Work task: Would you please retype, exactly, the lines of the listing below between the line with "match v with" and the line with "rewrite (eq_bigl (mem", inclusive?

Data provided:
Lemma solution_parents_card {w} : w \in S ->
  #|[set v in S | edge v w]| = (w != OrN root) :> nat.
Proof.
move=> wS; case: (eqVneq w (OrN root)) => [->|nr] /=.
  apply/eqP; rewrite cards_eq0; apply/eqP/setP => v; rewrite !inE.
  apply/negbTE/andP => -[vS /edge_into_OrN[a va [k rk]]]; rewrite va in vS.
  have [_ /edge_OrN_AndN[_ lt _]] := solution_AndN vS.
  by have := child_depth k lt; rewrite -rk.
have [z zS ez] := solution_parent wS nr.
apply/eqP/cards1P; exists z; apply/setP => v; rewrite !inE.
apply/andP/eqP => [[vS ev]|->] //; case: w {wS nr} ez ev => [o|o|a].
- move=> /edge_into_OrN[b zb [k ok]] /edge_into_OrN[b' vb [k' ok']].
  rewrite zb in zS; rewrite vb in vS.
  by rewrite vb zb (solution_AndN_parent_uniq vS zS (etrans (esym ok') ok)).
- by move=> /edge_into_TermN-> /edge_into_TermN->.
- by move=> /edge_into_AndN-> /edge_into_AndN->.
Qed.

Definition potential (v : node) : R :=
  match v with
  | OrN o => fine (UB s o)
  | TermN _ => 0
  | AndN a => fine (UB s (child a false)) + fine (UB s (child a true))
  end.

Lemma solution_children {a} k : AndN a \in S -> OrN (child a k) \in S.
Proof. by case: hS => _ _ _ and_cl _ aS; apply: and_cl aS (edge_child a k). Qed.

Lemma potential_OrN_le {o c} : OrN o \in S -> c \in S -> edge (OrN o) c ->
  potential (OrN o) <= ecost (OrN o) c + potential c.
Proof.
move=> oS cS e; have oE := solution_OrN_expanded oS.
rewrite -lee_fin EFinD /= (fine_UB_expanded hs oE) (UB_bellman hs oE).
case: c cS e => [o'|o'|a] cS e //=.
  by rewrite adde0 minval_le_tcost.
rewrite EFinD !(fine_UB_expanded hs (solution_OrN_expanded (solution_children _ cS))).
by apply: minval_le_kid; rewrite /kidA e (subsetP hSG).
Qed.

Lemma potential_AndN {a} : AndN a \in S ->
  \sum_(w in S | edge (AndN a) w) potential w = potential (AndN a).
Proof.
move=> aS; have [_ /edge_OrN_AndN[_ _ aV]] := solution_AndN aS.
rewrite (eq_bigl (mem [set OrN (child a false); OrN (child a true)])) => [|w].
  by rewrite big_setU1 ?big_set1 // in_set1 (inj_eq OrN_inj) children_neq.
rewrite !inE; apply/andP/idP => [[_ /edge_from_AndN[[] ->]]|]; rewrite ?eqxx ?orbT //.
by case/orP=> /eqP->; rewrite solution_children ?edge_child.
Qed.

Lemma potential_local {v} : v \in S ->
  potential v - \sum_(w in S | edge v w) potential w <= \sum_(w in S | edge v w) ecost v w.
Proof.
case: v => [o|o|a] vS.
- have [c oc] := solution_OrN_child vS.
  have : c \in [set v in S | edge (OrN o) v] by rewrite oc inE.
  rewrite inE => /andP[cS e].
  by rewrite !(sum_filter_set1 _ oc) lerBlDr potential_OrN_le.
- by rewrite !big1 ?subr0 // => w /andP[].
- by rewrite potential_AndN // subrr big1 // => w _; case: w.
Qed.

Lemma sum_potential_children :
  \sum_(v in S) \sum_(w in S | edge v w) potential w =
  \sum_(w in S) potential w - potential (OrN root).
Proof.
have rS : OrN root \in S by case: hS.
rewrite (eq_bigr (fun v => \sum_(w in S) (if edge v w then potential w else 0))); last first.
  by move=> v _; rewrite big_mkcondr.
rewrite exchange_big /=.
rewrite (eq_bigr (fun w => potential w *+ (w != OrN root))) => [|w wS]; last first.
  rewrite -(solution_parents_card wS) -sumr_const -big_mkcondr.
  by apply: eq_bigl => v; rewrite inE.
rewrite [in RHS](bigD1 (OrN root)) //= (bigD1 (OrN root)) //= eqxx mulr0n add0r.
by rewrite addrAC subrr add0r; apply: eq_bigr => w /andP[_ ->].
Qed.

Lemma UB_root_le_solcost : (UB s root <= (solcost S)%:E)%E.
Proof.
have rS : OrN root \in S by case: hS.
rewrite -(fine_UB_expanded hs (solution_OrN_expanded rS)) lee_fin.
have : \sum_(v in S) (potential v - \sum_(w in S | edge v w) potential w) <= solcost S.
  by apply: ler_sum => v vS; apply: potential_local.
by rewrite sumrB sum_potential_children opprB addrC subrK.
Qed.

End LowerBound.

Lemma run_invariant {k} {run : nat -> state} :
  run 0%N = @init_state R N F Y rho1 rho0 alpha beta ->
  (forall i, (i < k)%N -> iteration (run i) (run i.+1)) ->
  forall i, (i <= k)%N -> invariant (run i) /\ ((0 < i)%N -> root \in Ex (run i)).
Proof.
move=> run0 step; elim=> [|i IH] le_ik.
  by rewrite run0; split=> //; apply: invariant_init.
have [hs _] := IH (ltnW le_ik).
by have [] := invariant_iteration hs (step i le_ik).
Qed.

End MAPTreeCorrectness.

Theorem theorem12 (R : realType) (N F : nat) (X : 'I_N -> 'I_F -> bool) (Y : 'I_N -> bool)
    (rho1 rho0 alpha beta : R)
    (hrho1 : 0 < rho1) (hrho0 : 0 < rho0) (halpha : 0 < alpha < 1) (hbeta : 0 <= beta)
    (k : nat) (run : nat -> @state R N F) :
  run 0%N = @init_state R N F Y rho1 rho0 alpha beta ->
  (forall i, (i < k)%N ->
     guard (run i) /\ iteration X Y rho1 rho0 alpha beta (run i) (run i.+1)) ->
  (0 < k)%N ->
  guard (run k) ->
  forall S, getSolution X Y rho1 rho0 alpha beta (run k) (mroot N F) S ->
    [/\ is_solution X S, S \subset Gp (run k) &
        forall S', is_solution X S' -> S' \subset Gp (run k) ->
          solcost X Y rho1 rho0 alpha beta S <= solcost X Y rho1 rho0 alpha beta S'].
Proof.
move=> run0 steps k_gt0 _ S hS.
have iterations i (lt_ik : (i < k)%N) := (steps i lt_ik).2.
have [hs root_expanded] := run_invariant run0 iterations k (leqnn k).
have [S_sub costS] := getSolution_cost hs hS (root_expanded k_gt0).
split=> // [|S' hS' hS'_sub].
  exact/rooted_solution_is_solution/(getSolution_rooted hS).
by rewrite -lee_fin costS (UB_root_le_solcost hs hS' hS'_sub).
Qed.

Exercise solution:
  match v with
  | OrN o => fine (UB s o)
  | TermN _ => 0
  | AndN a => fine (UB s (child a false)) + fine (UB s (child a true))
  end.

Lemma solution_children {a} k : AndN a \in S -> OrN (child a k) \in S.
Proof. by case: hS => _ _ _ and_cl _ aS; apply: and_cl aS (edge_child a k). Qed.

Lemma potential_OrN_le {o c} : OrN o \in S -> c \in S -> edge (OrN o) c ->
  potential (OrN o) <= ecost (OrN o) c + potential c.
Proof.
move=> oS cS e; have oE := solution_OrN_expanded oS.
rewrite -lee_fin EFinD /= (fine_UB_expanded hs oE) (UB_bellman hs oE).
case: c cS e => [o'|o'|a] cS e //=.
  by rewrite adde0 minval_le_tcost.
rewrite EFinD !(fine_UB_expanded hs (solution_OrN_expanded (solution_children _ cS))).
by apply: minval_le_kid; rewrite /kidA e (subsetP hSG).
Qed.

Lemma potential_AndN {a} : AndN a \in S ->
  \sum_(w in S | edge (AndN a) w) potential w = potential (AndN a).
Proof.
move=> aS; have [_ /edge_OrN_AndN[_ _ aV]] := solution_AndN aS.
rewrite (eq_bigl (mem [set OrN (child a false); OrN (child a true)])) => [|w].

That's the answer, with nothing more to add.